**Aim of the task:** Copy exactly the lines of the data below that run from the line holding "rewrite eqn_pmul2r ?cardG_gt0" through the line holding "by rewrite (isog_abelian", both ends included.
= = = =
(* A finite group $G$ is completely $M$-realisable if and only if $G$ is abelian.
   Context: All groups are finite. For a finite group $H$ and $K\leq H$, the Chermak-Delgado measure is $m_H(K)=|K||C_H(K)|$; let $m^*(H)=\max\{m_H(K)\mid K\leq H\}$ and $\mathcal{CD}(H)=\{K\leq H\mid m_H(K)=m^*(H)\}$, which is a sublattice of the subgroup lattice of $H$; its minimal member $M(H)$ is the Chermak-Delgado subgroup of $H$. A finite group $G$ is completely $M$-realisable if there is a finite group $H$ such that: (i) $G\cong M(H)$; (ii) for every subgroup $G_1\leq G$ there exists $H_1\leq H$ with $G_1\cong M(H_1)$; (iii) for every $H_1\leq H$ there exists $G_1\leq G$ with $M(H_1)\cong G_1$. *)

From mathcomp Require Import all_boot all_fingroup.
Set Implicit Arguments. Unset Strict Implicit. Unset Printing Implicit Defensive.
Local Open Scope group_scope.

Definition cd_measure (gT : finGroupType) (H K : {set gT}) : nat :=
  (#|K| * #|'C_H(K)|)%N.

Definition cd_max (gT : finGroupType) (H : {set gT}) : nat :=
  \max_(K : {group gT} | K \subset H) cd_measure H K.

Definition in_CD (gT : finGroupType) (H : {set gT}) (K : {group gT}) : bool :=
  (K \subset H) && (cd_measure H K == cd_max H).

Definition is_CD_subgroup (gT : finGroupType) (H : {set gT}) (K : {group gT})
  : Prop :=
  in_CD H K /\ forall L : {group gT}, in_CD H L -> K \subset L.

Definition completely_M_realisable (gT : finGroupType) (G : {group gT}) : Prop :=
  exists (hT : finGroupType) (H : {group hT}),
    [/\ (exists K : {group hT}, is_CD_subgroup H K /\ G \isog K),
        (forall G1 : {group gT}, G1 \subset G ->
           exists H1 : {group hT}, H1 \subset H /\
             exists K : {group hT}, is_CD_subgroup H1 K /\ G1 \isog K)
      & (forall H1 : {group hT}, H1 \subset H ->
           exists K : {group hT}, is_CD_subgroup H1 K /\
             exists G1 : {group gT}, G1 \subset G /\ K \isog G1)].

From mathcomp Require Import all_boot all_fingroup.
Set Implicit Arguments. Unset Strict Implicit. Unset Printing Implicit Defensive.
Local Open Scope group_scope.

(* Since K <= C_H(C_H(K)), the measure of C_H(K) dominates that of K, so
   CD(H) is closed under taking centralisers in H; the least member M(H) is
   therefore contained in C_H(M(H)), i.e. it is abelian.  Conversely, in an
   abelian group A every subgroup K has m_A(K) = |K||A|, so CD(A) = {A} and
   M(A) = A; taking H = G then realises G and all its subgroups. *)

Lemma leq_cd_max (gT : finGroupType) (H K : {group gT}) :
  K \subset H -> cd_measure H K <= cd_max H.
Proof. by move=> sKH; apply: (leq_bigmax_cond K sKH). Qed.

Lemma cd_measure_cent (gT : finGroupType) (H K : {group gT}) :
  K \subset H -> cd_measure H K <= cd_measure H 'C_H(K).
Proof.
move=> sKH; rewrite /cd_measure mulnC leq_mul // subset_leq_card //.
by rewrite subsetI sKH centsC subsetIr.
Qed.

Lemma in_CD_cent (gT : finGroupType) (H K : {group gT}) :
  in_CD H K -> in_CD H 'C_H(K)%G.
Proof.
case/andP=> sKH /eqP mK; have sCH : 'C_H(K) \subset H := subsetIl _ _.
rewrite /in_CD sCH eqn_leq leq_cd_max //= -mK.
exact: cd_measure_cent.
Qed.

Lemma CD_subgroup_abelian (gT : finGroupType) (H K : {group gT}) :
  is_CD_subgroup H K -> abelian K.
Proof.
by case=> CD_K minK; have /subsetIP[] := minK _ (in_CD_cent CD_K).
Qed.

Section AbelianCD.

Variables (gT : finGroupType) (A : {group gT}).
Hypothesis abA : abelian A.

Lemma abelian_cd_measure (K : {group gT}) :
  K \subset A -> cd_measure A K = (#|K| * #|A|)%N.
Proof.
move=> sKA; rewrite /cd_measure; suff ->: 'C_A(K) = A by [].
by apply/setIidPl; rewrite centsC (subset_trans sKA abA).
Qed.

Lemma abelian_cd_max : cd_max A = (#|A| * #|A|)%N.
Proof.
apply/eqP; rewrite eqn_leq -[in X in _ && X](abelian_cd_measure (subxx A)).
rewrite leq_cd_max // andbT; apply/bigmax_leqP=> K sKA.
by rewrite abelian_cd_measure // leq_mul // subset_leq_card.
Qed.

Lemma abelian_is_CD_subgroup : is_CD_subgroup A A.
Proof.
have CD_A : in_CD A A.
  by rewrite /in_CD subxx /= abelian_cd_measure // abelian_cd_max.
split=> // L /andP[sLA]; rewrite abelian_cd_measure // abelian_cd_max.
rewrite eqn_pmul2r ?cardG_gt0 // => /eqP eqLA.
by rewrite -(geq_leqif (subset_leqif_card sLA)) eqLA.
Qed.

End AbelianCD.

Theorem mainTheorem2 (gT : finGroupType) (G : {group gT}) :
  completely_M_realisable G <-> abelian G.
Proof.
split.
  case=> hT [H [[K [CD_K isoGK]] _ _]].
  by rewrite (isog_abelian isoGK) (CD_subgroup_abelian CD_K).
move=> abG; have selfCD (X : {group gT}) : X \subset G -> is_CD_subgroup X X.
  by move=> sXG; apply/abelian_is_CD_subgroup/(abelianS sXG).
exists gT, G; split.
- by exists G; split; [apply: selfCD | apply: isog_refl].
- move=> G1 sG1G; exists G1; split=> //.
  by exists G1; split; [apply: selfCD | apply: isog_refl].
- move=> H1 sH1G; exists H1; split; first exact: selfCD.
  by exists H1; rewrite isog_refl.
Qed.
Lemma exists_returning_set k (A Z : set X) (c : R) :
  measurable A -> measurable Z -> m Z = 0%E ->
  (forall q, \sum_(k <= j < q) eps j <= c) -> c <= 1 / 2 -> ((10 * c)%:E <= m A)%E ->
  (exists A', partition_algebra (alpha k) A' /\
              (m ((A `\` A') `|` (A' `\` A)) < c%:E)%E) ->
  exists n (Y : set X), [/\ (0 < n <= N k)%N, measurable Y, (0 < m Y)%E &
    Y `<=` [set x | [/\ A x, A (iter n T x), ~ exceptional_set Z k x &
                       nball nrm g (eps k) (cocycle T (cobd_sum k.+1) n x)]]].
Proof.
move=> mA mZ Z0 tail c12 A10c [A' [[I [_ ->]] AA']].
have eps_le j : (k <= j)%N -> eps j <= c.
  move=> kj; apply: le_trans (tail j.+1).
  by rewrite (big_cat_nat kj) //= big_nat1 lerDr sumr_ge0.
have eps1 j : (k <= j)%N -> eps j <= 1.
  by move=> kj; apply: le_trans (eps_le j kj) (le_trans c12 _); lra.
set B := exceptional_set Z k.
have mB : measurable B := measurable_exceptional_set k mZ.
have Bc : (m B <= c%:E)%E := measure_exceptional_set_le mZ Z0 tail eps1.
have [malpha _ _] := alpha_part k.
have mA' : measurable (\bigcup_(i in I) alpha k i) by exact: bigcup_measurable.
have mAA' := measurableD mA mA'; have mA'A := measurableD mA' mA.
have mAA'A := measurableU _ _ mAA' mA'A.
have AA'c : (m (A `\` \bigcup_(i in I) alpha k i) < c%:E)%E.
  by apply: le_lt_trans AA'; apply: le_measure; rewrite ?inE // => x; left.
have A'Ac : (m (\bigcup_(i in I) alpha k i `\` A) < c%:E)%E.
  by apply: le_lt_trans AA'; apply: le_measure; rewrite ?inE // => x; right.
have c_eps : ((1 - c)%:E <= (1 - eps k)%:E)%E by rewrite lee_fin lerB // eps_le.
have goodc := evc k; rewrite /EVC /= in goodc.
have [i [_ goodi] dense] :=
  exists_dense_atom (alpha_part k) mA mB AA'c A'Ac Bc (le_lt_trans c_eps goodc) A10c.
have [D [psi [ptD [psiN [_ [RDa [Dg aD]]]]]]] := goodi.
have epsk12 : eps k <= 1 / 2 by apply: le_trans (eps_le k (leqnn k)) c12.
have [n [Y [n0 mY Y0 Yret]]] :=
  ptransf_return_level mT ptD (malpha i) mA mB RDa aD epsk12 dense.
have [y Yy] : Y !=set0.
  by apply/set0P/negP => /eqP Yempty; move: Y0; rewrite Yempty measure0 ltxx.
have [Dy psiy _ _ _] := Yret y Yy.
exists n, Y; split => // [|x /Yret [Dx <- Ax ARx nBx]]; first by rewrite n0 -psiy psiN.
by split => //; exact: Dg.
Qed.

Lemma essential_value_limit (phi : X -> G) : nmeasurable nrm phi ->
  {ae m, forall x, nconverges nrm (cobd_sum^~ x) (phi x)} ->
  essential_value m T nrm phi g.
Proof.
move=> mphi [Z [mZ Z0 HZ]] A mA A0 U oU Ug.
have cv y : ~ Z y -> nconverges nrm (cobd_sum^~ y) (phi y).
  by move=> nZy; apply: contrapT => ncv; exact/nZy/HZ.
have [r r0 gU] := oU g Ug.
have mA0 : 0 < fine (m A) by rewrite -lte_fin -(finite_measureE _ mA).
set c := Order.min (r / 2) (Order.min (fine (m A) / 10) (1 / 2)).
have c0 : 0 < c by rewrite !lt_min !divr_gt0.
have [cr cA c12] : [/\ c <= r / 2, c <= fine (m A) / 10 & c <= 1 / 2].
  by split; rewrite !ge_min lexx ?orbT.
have A10c : ((10 * c)%:E <= m A)%E.
  by rewrite (finite_measureE _ mA) lee_fin; lra.
have [k1 Hk1] := nneseries_tail_lt eps_ge0 eps_fin c0.
have [k0 Hk0] := alpha_gen mA c0; set k := maxn k1 k0.
have tail q : \sum_(k <= j < q) eps j <= c by apply/ltW/Hk1/leq_maxl.
have [n [Y [/andP[n0 nN] mY Y0 Yret]]] :=
  exists_returning_set mA mZ Z0 tail c12 A10c (Hk0 k (leq_maxr _ _)).
exists n => //; apply: lt_le_trans Y0 _; apply: le_measure; rewrite ?inE //.
  apply: measurableI; first exact/measurableI/(measurable_iter_preimage mT).
  exact: (nmeasurable_cocycle nrm_norm nrm_sc n mT mphi oU).
move=> x /Yret [Ax ARx nBx coc_s]; split => //; apply: gU; rewrite /nball /=.
have coc_phi := cocycle_limit_close cv tail (ltW c0) nN nBx.
have epsk : eps k < c by have := Hk1 k k.+1 (leq_maxl _ _); rewrite big_nat1.
move: coc_s; rewrite /nball /= => coc_s.
have := nrm_distD nrm_norm (cocycle T phi n x) (cocycle T (cobd_sum k.+1) n x) g.
lra.
Qed.

End CoboundarySeries.

Theorem theorem3p6 (d : measure_display) (X : measurableType d)
  (R : realType) (m : probability X R) (T : X -> X)
  (G : zmodType) (nrm : G -> R) (g : G)
  (alpha : nat -> nat -> set X) (N : nat -> nat) (eps : nat -> R)
  (f : nat -> X -> G) :
  standard_borel X R ->
  invertible_mpt m T -> ergodic m T ->
  lcsc_normed_group nrm ->
  (forall k, mpartition (alpha k)) -> approx_generate m alpha ->
  (forall k, (0 < N k)%N) -> {homo N : a b / (a <= b)%N} ->
  (forall M, exists k, (M <= N k)%N) ->
  (forall k, 0 < eps k) -> (\sum_(0 <= k <oo) (eps k)%:E < +oo)%E ->
  (forall k, nmeasurable nrm (f k)) ->
  (forall k, EVC m T (fun x => \sum_(j < k.+1) (f j (T x) - f j x))
                 (nball nrm g (eps k)) (eps k) (alpha k) (N k)) ->
  (forall k, (m [set x | (eps k / (N k)%:R <= nrm (f k.+1 (T x) - f k.+1 x))%R]
              <= (eps k ^+ 2 / (N k)%:R)%:E)%E) ->
  {ae m, forall x, (\sum_(0 <= k <oo) (nrm (f k (T x) - f k x))%:E < +oo)%E}
  /\ (exists phi : X -> G, nmeasurable nrm phi /\
        {ae m, forall x, nconverges nrm
                 (fun n => \sum_(k < n) (f k (T x) - f k x)) (phi x)})
  /\ (forall phi : X -> G, nmeasurable nrm phi ->
        {ae m, forall x, nconverges nrm
                 (fun n => \sum_(k < n) (f k (T x) - f k x)) (phi x)} ->
        essential_value m T nrm phi g).
Proof.
move=> _ [mT _ mpT] _ [nrm_norm nrm_lc nrm_sc] alpha_part alpha_gen N_gt0 N_homo _
  eps_gt0 eps_fin mf evc bad_small.
split; [|split].
- exact: ae_cobd_summable.
- exact: exists_nmeasurable_limit.
- by move=> phi; apply: essential_value_limit.
Qed.
(* Let $0\le r\le q^2$. If there exists a line spread $\mathcal F$ of $\mathrm{PG}(3,q)$ having exactly $r$ lines in common with the Desarguesian spread $\mathcal D$, then $\mathrm{PG}(3,q)$ admits a mixed partition of type $r$.
   Context: Let $q$ be a prime power, $F=\mathbb F_q$, $L=\mathbb F_{q^4}$, regarded as a 4-dimensional $F$-vector space; $\mathrm{PG}(3,q)$ has as points the one-dimensional subspaces $Fx$, $x\in L^*$, and as lines the two-dimensional $F$-subspaces (identified with their point sets). Let $C$ be the subfield of $L$ of order $q^2$ and $\mathcal D=\{Cx:x\in L^*\}$ the Desarguesian line spread. A line spread is a set of lines partitioning the point set. For $r\ge1$, a set $X$ of points of a projective space $\mathrm{PG}(V)$ over $F$ is the image of an $r$-uple embedding if there is an injective $F$-linear map $\phi:F^{r+1}\to V$ with $X=\{F\phi(t_0^r,t_0^{r-1}t_1,\dots,t_1^r):(t_0,t_1)\in F^2\setminus\{(0,0)\}\}$. A mixed partition of type $r$ of $\mathrm{PG}(3,q)$ ($0\le r\le q^2$) is a partition of its point set into $r$ lines and $q^2+1-r$ sets each of which is the image of a $3$-uple embedding (normal rational curves of order three, i.e. twisted cubics, when $q\ge3$). *)

From Stdlib Require Lists.List.
From HB Require Import structures.
From mathcomp Require Import all_boot all_order all_algebra all_field.
Set Implicit Arguments. Unset Strict Implicit. Unset Printing Implicit Defensive.
Import GRing.Theory.
Local Open Scope ring_scope.

Section PG3.
Variables (F : finFieldType) (L : fieldExtType F).

(* points of PG(L) over F : one-dimensional F-subspaces *)
Definition is_point (P : {vspace L}) : bool := \dim P == 1%N.
Definition is_line (U : {vspace L}) : bool := \dim U == 2%N.

Definition pts_of (U : {vspace L}) : pred {vspace L} :=
  fun P => is_point P && (P <= U)%VS.

(* a finite family of point sets partitions the point set: every point lies
   in exactly one member (counted with multiplicity) *)
Definition partitions_points (parts : seq (pred {vspace L})) : Prop :=
  forall P : {vspace L}, is_point P -> count (fun X => X P) parts = 1%N.

Definition line_spread (S : seq {vspace L}) : Prop :=
  all is_line S /\ partitions_points (map pts_of S).

(* the Desarguesian line spread {C x : x in L^*} *)
Definition in_desarg (C : {subfield L}) (U : {vspace L}) : Prop :=
  exists x : L, x != 0 /\ U = (C * <[x]>)%VS.

Definition nu3 (t0 t1 : F) : 'rV[F]_4 :=
  \row_(i < 4) (t0 ^+ (3 - i) * t1 ^+ i).

Definition is_3uple_image (X : pred {vspace L}) : Prop :=
  exists phi : 'rV[F]_4 -> L,
    [/\ linear phi, injective phi &
        forall P : {vspace L},
          X P = [exists t : F * F, (t != (0, 0)) && (P == <[phi (nu3 t.1 t.2)]>%VS)]].

Definition mixed_partition (r : nat) : Prop :=
  exists (ls : seq {vspace L}) (cs : seq (pred {vspace L})),
    [/\ size ls = r, all is_line ls,
        size cs = ((#|F| ^ 2).+1 - r)%N,
        (forall X, Stdlib.Lists.List.In X cs -> is_3uple_image X) &
        partitions_points (map pts_of ls ++ cs)].

End PG3.

From HB Require Import structures.
From mathcomp Require Import all_boot all_order all_algebra all_field.
From mathcomp Require Import ring zify.
Set Implicit Arguments. Unset Strict Implicit. Unset Printing Implicit Defensive.
Import GRing.Theory.
Local Open Scope ring_scope.

(* The mixed partition is obtained by inverting the spread.  The inversion
   x |-> x^-1 of L^* induces a permutation of the points of PG(3,q) (the
   point Fx goes to Fx^-1), so it maps the r + (q^2 + 1 - r) lines of a line
   spread S onto a partition of the point set:
   - a line Cx of the Desarguesian spread D goes to the line Cx^-1;
   - any other line can be written <u, wu> with w outside C.  Then w has
     degree 4 over F, with minimal polynomial m, and the inverse of the line
     consists of the points F((a + bw)u)^-1.  Dividing m by X - w gives a
     cubic cofactor, which yields an injective F-linear map phi : F^4 -> L
     with (a + bw) * phi(a^3, a^2 b, a b^2, b^3) = b^4 m(-a/b) in F^*; hence
     the inverse of the line is the image of a 3-uple embedding. *)

Section Inversion.
Variables (F : finFieldType) (L : fieldExtType F).
Implicit Types (P U : {vspace L}) (C : {subfield L}) (x y : L).

Lemma vlineZ (k : F) x : k != 0 -> (<[k *: x]> = <[x]>)%VS.
Proof.
move=> k0; apply/eqP; rewrite eqEdim -memvE memvZ ?memv_line //= !dim_vline.
by rewrite scaler_eq0 (negPf k0).
Qed.

Lemma point_vpick P : is_point P -> vpick P != 0 /\ P = <[vpick P]>%VS.
Proof.
move=> /eqP dP; have nz : vpick P != 0.
  by rewrite vpick0; apply/eqP => P0; move: dP; rewrite P0 dimv0.
split=> //; apply/eqP; rewrite eq_sym eqEdim -memvE memv_pick dP dim_vline nz //.
Qed.

Lemma is_point_line x : x != 0 -> is_point <[x]>%VS.
Proof. by move=> nz; rewrite /is_point dim_vline nz. Qed.

Definition inv_point P : {vspace L} := <[(vpick P)^-1]>%VS.

Lemma inv_point_line x : x != 0 -> inv_point <[x]>%VS = <[x^-1]>%VS.
Proof.
move=> nz; have [nzp _] := point_vpick (is_point_line nz).
have /vlineP[k Dk] := memv_pick <[x]>%VS.
move: nzp; rewrite /inv_point Dk scaler_eq0 negb_or => /andP[k0 _].
have algV : (k%:A)^-1 = (k^-1)%:A :> L by rewrite -!in_algE fmorphV.
by rewrite -mulr_algl invfM algV mulr_algl vlineZ ?invr_eq0.
Qed.

Lemma inv_point_point P : is_point P -> is_point (inv_point P).
Proof. by move=> /point_vpick[nz _]; rewrite is_point_line // invr_eq0. Qed.

(* The points P whose inverse lies on U; as the inversion is an involution
   this is the image of the point set of U under the inversion. *)
Definition inverted U : pred {vspace L} :=
  fun P => is_point P && pts_of U (inv_point P).

Lemma memv_coset C x y : x != 0 -> (y \in (C * <[x]>)%VS) = (y / x \in C).
Proof.
move=> nz; apply/memv_cosetP/idP => [[c Cc ->]|Cy]; first by rewrite mulfK.
by exists (y / x); rewrite ?divfK.
Qed.

Lemma dim_coset C x : x != 0 -> \dim (C * <[x]>) = \dim C.
Proof. by move=> nz; rewrite dim_cosetv_unit // unitfE. Qed.

Lemma coset_rep C x z : x != 0 -> z != 0 ->
  z \in (C * <[x]>)%VS -> (C * <[z]> = C * <[x]>)%VS.
Proof.
move=> nx nz; rewrite memv_coset // => Czx.
apply/eqP; rewrite eqEdim !dim_coset // leqnn andbT.
apply/subvP => y; rewrite !memv_coset // => Cyz.
have -> : y / x = (y / z) * (z / x) by rewrite mulrA divfK.
exact: rpredM.
Qed.

(* The inversion maps the Desarguesian line Cx onto the Desarguesian line
   Cx^-1, since y/x lies in C iff y^-1/x^-1 does. *)
Lemma inverted_coset C x : x != 0 -> inverted (C * <[x]>) =1 pts_of (C * <[x^-1]>).
Proof.
move=> nx P; rewrite /inverted /pts_of; case pP: (is_point P) => //=.
have [ny DP] := point_vpick pP.
rewrite inv_point_point //= {2}DP -!memvE !memv_coset ?invr_eq0 //.
by rewrite invrK -invfM memvV.
Qed.

Lemma desarg_vpick C U : in_desarg C U -> vpick U != 0 /\ U = (C * <[vpick U]>)%VS.
Proof.
move=> [x [nx ->]]; have xU : x \in (C * <[x]>)%VS by rewrite memv_coset ?divff ?mem1v.
have nz : vpick (C * <[x]>)%VS != 0.
  by rewrite vpick0; apply: contraTneq xU => ->; rewrite memv0.
by split => //; rewrite (coset_rep nx nz) // memv_pick.
Qed.

Definition desarg_inv C U : {vspace L} := (C * <[(vpick U)^-1]>)%VS.

Lemma dim_desarg_inv C U : in_desarg C U -> \dim (desarg_inv C U) = \dim C.
Proof. by move=> /desarg_vpick[nz _]; rewrite dim_coset // invr_eq0. Qed.

Lemma pts_desarg_inv C U : in_desarg C U -> pts_of (desarg_inv C U) =1 inverted U.
Proof. by move=> /desarg_vpick[nz {2}->] P; rewrite inverted_coset. Qed.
= = = =
**Problem solution:**
rewrite eqn_pmul2r ?cardG_gt0 // => /eqP eqLA.
by rewrite -(geq_leqif (subset_leqif_card sLA)) eqLA.
Qed.

End AbelianCD.

Theorem mainTheorem2 (gT : finGroupType) (G : {group gT}) :
  completely_M_realisable G <-> abelian G.
Proof.
split.
  case=> hT [H [[K [CD_K isoGK]] _ _]].
  by rewrite (isog_abelian isoGK) (CD_subgroup_abelian CD_K).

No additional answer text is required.